### Working data:
(* Let $k\ge0$ be an integer and $a,b,c\in\mathbb{C}$ with $c\notin\{0,-1,-2,\dots\}$, $1+2c-b+k\notin\{0,-1,-2,\dots\}$, and $\mathrm{Re}(2c-a-2b+k)>0$. Then $${}_3F_2\!\left(\left.\begin{array}{c}a,\ b,\ c+1\\ 1+2c-b+k,\ c\end{array}\right|1\right)=\frac{\big[(a-2c)(b-c)+kc\big]\,\Gamma(2c-b+k+1)\,\Gamma(2c-a-2b+k)}{c\,\Gamma(2c-2b+k+1)\,\Gamma(2c-a-b+k+1)},$$ where $1/\Gamma$ is interpreted as the entire function.
   Context: ${}_3F_2(a_1,a_2,a_3;b_1,b_2;1)=\sum_{m\ge0}\frac{(a_1)_m(a_2)_m(a_3)_m}{m!\,(b_1)_m(b_2)_m}$ with $(\alpha)_m=\Gamma(\alpha+m)/\Gamma(\alpha)$, absolutely convergent when $\mathrm{Re}(b_1+b_2-a_1-a_2-a_3)>0$. *)

From Stdlib Require Import Reals ClassicalEpsilon Factorial.
Open Scope R_scope.

Definition Cplx : Type := (R * R)%type.
Definition Re (z : Cplx) : R := fst z.
Definition Im (z : Cplx) : R := snd z.
Definition RtoC (x : R) : Cplx := (x, 0).
Definition Cadd (z w : Cplx) : Cplx := (fst z + fst w, snd z + snd w).
Definition Copp (z : Cplx) : Cplx := (- fst z, - snd z).
Definition Csub (z w : Cplx) : Cplx := Cadd z (Copp w).
Definition Cmul (z w : Cplx) : Cplx :=
  (fst z * fst w - snd z * snd w, fst z * snd w + snd z * fst w).
Definition Cinv (z : Cplx) : Cplx :=
  (fst z / (fst z ^ 2 + snd z ^ 2), - snd z / (fst z ^ 2 + snd z ^ 2)).
Definition Cdiv (z w : Cplx) : Cplx := Cmul z (Cinv w).
Definition Cexp (z : Cplx) : Cplx := (exp (fst z) * cos (snd z), exp (fst z) * sin (snd z)).
Definition Rcpow (x : R) (z : Cplx) : Cplx := Cexp (Cmul z (RtoC (ln x))).

Definition Ccv (u : nat -> Cplx) (l : Cplx) : Prop :=
  Un_cv (fun n => fst (u n)) (fst l) /\ Un_cv (fun n => snd (u n)) (snd l).
Fixpoint Csum (f : nat -> Cplx) (N : nat) : Cplx :=
  match N with
  | O => f O
  | S n => Cadd (Csum f n) (f (S n))
  end.
Definition Cseries_cv (f : nat -> Cplx) (l : Cplx) : Prop := Ccv (Csum f) l.

(* limit of a complex sequence (arbitrary value if it diverges) *)
Definition Clim (u : nat -> Cplx) : Cplx :=
  epsilon (inhabits (0, 0)) (fun l => Ccv u l).

Fixpoint poch (a : Cplx) (m : nat) : Cplx :=
  match m with
  | O => RtoC 1
  | S n => Cmul (poch a n) (Cadd a (RtoC (INR n)))
  end.

(* 1/Gamma, the entire function, via Gauss' limit formula:
   1/Gamma(z) = lim_n z(z+1)...(z+n) / (n! n^z). *)
Definition rGamma (z : Cplx) : Cplx :=
  Clim (fun n => Cdiv (poch z (S (S n)))
                      (Cmul (RtoC (INR (fact (S n)))) (Rcpow (INR (S n)) z))).
(* Gamma(z) := 1 / (1/Gamma(z)) (meaningful away from the poles) *)
Definition Gamma (z : Cplx) : Cplx := Cinv (rGamma z).

Definition F32_term (a1 a2 a3 b1 b2 : Cplx) (m : nat) : Cplx :=
  Cdiv (Cmul (Cmul (poch a1 m) (poch a2 m)) (poch a3 m))
       (Cmul (Cmul (RtoC (INR (fact m))) (poch b1 m)) (poch b2 m)).

Definition not_nonpos_int (z : Cplx) : Prop := forall n : nat, z <> RtoC (- INR n).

### Exercise instructions:
Repeat the entries above verbatim, but only from the line that has "Open Scope R_scope." down to the line that has "Definition Cadd (z", inclusive.

### Result of this task:
Open Scope R_scope.

Definition Cplx : Type := (R * R)%type.
Definition Re (z : Cplx) : R := fst z.
Definition Im (z : Cplx) : R := snd z.
Definition RtoC (x : R) : Cplx := (x, 0).
Definition Cadd (z w : Cplx) : Cplx := (fst z + fst w, snd z + snd w).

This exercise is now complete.